Inflation falls to 6.8% in July 2023
The UK’s annual inflation rate fell to 6.8% in July, down
from 7.9% in June, according to the latest data from the Office of
National Statistics (ONS).
It is the smallest increase in the cost of living since February
2022.
A fall in gas and electricity, as well as a slowing down in the
increase of food prices, are the major drivers behind the inflation
rate decrease, according to the ONS.
However, core inflation, which strips out volatile items such as
fuel and food remained unchanged at 6.9% in July while service
sector inflation rose from 7.2% to 7.4%.
Martin McTague, National Chair of the Federation of Small
Businesses (FSB) said:
‘While a drop in inflation provides some comfort, the
figures show less of a drop in inflation than hoped for and will
renew fears of a wage-price spiral, and of yet more base rate hikes
in future.
‘The worry now is that rising wages ignite a fresh wave
of inflation in September, which will threaten the momentum from
June’s GDP growth.
‘The cost of doing business crisis still has a grip on
the small business community, as prices for many key inputs, from
energy to components and raw materials, remain far above where they
were a year ago.
‘Any reduction in inflation is good news, but the huge
toll thatspiralling prices have inflicted is still being
keenly felt by small firms.’
Internet link: ONS websiteFSB website
UK set for five years of lost economic growth, warns Think
Tank
The UK is set for five years of lost economic growth, according
to research from Think Tank the National Institute for Economic and
Social Research (NIESR).
The NIESR said the series of shocks from Brexit, Covid and
Russia’s invasion of Ukraine had badly affected the economy. It
added that the spending power of workers in many parts of the UK
will remain below pre-pandemic levels until the end of 2024.
Despite pay increases, high inflation has forced up prices and
the rising cost of living has left households throughout the UK
feeling squeezed.
The NIESR forecasts that inflation, the rate at which prices
rise, will remain continually above the Bank of England’s 2%
target until early 2025, meaning the cost of living will also
continue to rise.
Jagjit Chadha, Director at the NIESR, said:
‘The problem we face is that rarely has
therebeen more urgent need, arguably never since the late
1970s, to address this country’s economic problems. But at the
same time rarely have they been so entrenched that it is hard to
think of any quick fixes that will materially improve living
standards across the income distribution within a single
Parliament.
‘The economy seems constrained by its pre-Covid peak in
activity and is being held back by a sharpnormalisation in
policy rates, a sequence of persistent negative shocks to supply
capacity and a marked slowing in world growth.

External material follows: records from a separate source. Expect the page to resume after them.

Lemma continuous_of_Rabs_le (h : R -> R) (c x : R) :
  (forall y, Rabs (h y) <= c * Rabs (y - x)) -> continuous h x.
Proof.
  intros Hb.
  assert (Hc : 0 <= c).
  { specialize (Hb (x + 1)). replace (x + 1 - x) with 1 in Hb by ring.
    rewrite Rabs_R1 in Hb. generalize (Rabs_pos (h (x + 1))); lra. }
  assert (Hx : h x = 0).
  { specialize (Hb x). rewrite Rminus_diag, Rabs_R0, Rmult_0_r in Hb.
    apply Rabs_eq_0. generalize (Rabs_pos (h x)); lra. }
  apply continuity_pt_filterlim. intros eps Heps.
  exists (eps / (c + 1)). split; [apply Rdiv_lt_0_compat; lra|].
  intros y [_ Hy]. simpl in *. unfold R_dist in *. rewrite Hx, Rminus_0_r.
  apply Rle_lt_trans with (c * Rabs (y - x)); [apply Hb|].
  apply Rle_lt_trans with ((c + 1) * Rabs (y - x)); [generalize (Rabs_pos (y - x)); nra|].
  apply Rmult_lt_reg_l with (/ (c + 1)); [apply Rinv_0_lt_compat; lra|].
  rewrite <- Rmult_assoc, Rinv_l, Rmult_1_l by lra. unfold Rdiv in Hy. lra.
Qed.

(* Precomposing with [clamp01] turns facts on [0,1] into facts on all of R, where
   continuity and uniform convergence are stated. *)
Definition clamp01 (u : R) : R := Rmax 0 (Rmin 1 u).

Lemma clamp01_id (u : R) : 0 <= u <= 1 -> clamp01 u = u.
Proof. intros. unfold clamp01. rewrite Rmin_right by lra. rewrite Rmax_right; lra. Qed.

Lemma clamp01_range (u : R) : 0 <= clamp01 u <= 1.
Proof. unfold clamp01, Rmax, Rmin. repeat destruct Rle_dec; lra. Qed.

Lemma clamp01_id_Rmin_Rmax (u : R) : Rmin 0 1 < u < Rmax 0 1 -> clamp01 u = u.
Proof. rewrite Rmin_left, Rmax_right by lra. intros. apply clamp01_id. lra. Qed.

Lemma clamp01_mul_le_dist (x y : R) : x = 0 \/ x = 1 ->
  clamp01 y * (1 - clamp01 y) <= Rabs (y - x).
Proof.
  intros Hx. unfold clamp01, Rmax, Rmin.
  destruct Hx as [-> | ->]; repeat destruct Rle_dec; unfold Rabs; destruct Rcase_abs; nra.
Qed.

Lemma ex_RInt_01_of_vanishing_ends (f : R -> R) (c : R) :
  (forall u, 0 <= u <= 1 -> Rabs (f u) <= c * (u * (1 - u))) ->
  (forall u, 0 < u < 1 -> continuous f u) -> ex_RInt f 0 1.
Proof.
  intros Hb Hf.
  assert (Hc : 0 <= c).
  { specialize (Hb (/ 2)). generalize (Rabs_pos (f (/ 2))). intros. nra. }
  apply ex_RInt_ext with (fun y => f (clamp01 y)).
  { intros x Hx. rewrite clamp01_id_Rmin_Rmax by exact Hx. reflexivity. }
  apply (ex_RInt_continuous (V := R_CompleteNormedModule)). intros x Hx.
  rewrite Rmin_left, Rmax_right in Hx by lra.
  destruct (Req_dec x 0) as [Hx0|Hx0]; [|destruct (Req_dec x 1) as [Hx1|Hx1]].
  1, 2: apply continuous_of_Rabs_le with c; intros y;
    eapply Rle_trans; [apply Hb, clamp01_range|];
    apply Rmult_le_compat_l; [exact Hc | apply clamp01_mul_le_dist; tauto].
  apply continuous_ext_loc with f; [|apply Hf; lra].
  apply filter_imp with (2 := locally_01 x ltac:(lra)).
  intros y Hy. rewrite clamp01_id by lra. reflexivity.
Qed.

Lemma Rabs_Series_minus_sum_n_le (d M : nat -> R) (N : nat) :
  (forall k, Rabs (d k) <= M k) -> ex_series M ->
  Rabs (Series d - sum_n d N) <= Series M - sum_n M N.
Proof.
  intros Hd HM.
  assert (HdA : ex_series (fun k => Rabs (d k))).
  { apply (ex_series_le (V := R_CompleteNormedModule)) with M; [|exact HM].
    intros k. rewrite Rabs_Rabsolu. apply Hd. }
  assert (Hd' : ex_series d) by (apply ex_series_Rabs, HdA).
  rewrite (Series_incr_n d (S N)), (Series_incr_n M (S N)) by (lia || assumption).
  simpl pred. rewrite !sum_n_Reals.
  replace (sum_f_R0 d N + Series (fun k => d (S N + k)%nat) - sum_f_R0 d N)
    with (Series (fun k => d (S N + k)%nat)) by ring.
  replace (sum_f_R0 M N + Series (fun k => M (S N + k)%nat) - sum_f_R0 M N)
    with (Series (fun k => M (S N + k)%nat)) by ring.
  eapply Rle_trans; [apply Series_Rabs, (ex_series_incr_n (fun k => Rabs (d k)) (S N)), HdA|].
  apply Series_le; [intros k; split; [apply Rabs_pos | apply Hd]|].
  apply (ex_series_incr_n M (S N)), HM.
Qed.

‘Brexit has done a great service by revealing even more
clearly the underlying problems in the British economy but has not
yet located solutions. In truth, shock therapy has tended not to
work in any country and, so far, neither has Brexit.’
Internet link: NIESR website
Over a third of households across England will pay higher
energy bills this winter
More than a third of English households will see higher energy
bills this winter than they did last winter, according to research
published by the Resolution Foundation.
Almost half of those hit by the higher bills will be in the
poorest tenth of households, the report said.
Ofgem is expected to announce a reduction in the energy price
cap from October 2023, with typical annual energy bills falling
from £2,100 last winter to around £1,923 this
winter.
This fall is largely driven by falling wholesale gas prices.
Although the price per unit of energy is falling, this will be
offset by a rise in the daily standing charge, and the fact that
last winter’s universal £400 energy support is not being
repeated.
As a result, the biggest falls in bills will be seen by
households who use the most energy – while households who
consume relatively little energy will face higher energy bills this
winter.
Jonny Marshall, Senior Economist at the Resolution Foundation,
said:
‘The cost of living squeeze is far from over. And,
although government schemes have improved their targeting of
support throughout the crisis to those most in need, significant
gaps remain which should be urgently addressed to help the most
vulnerable get through the challenging months ahead.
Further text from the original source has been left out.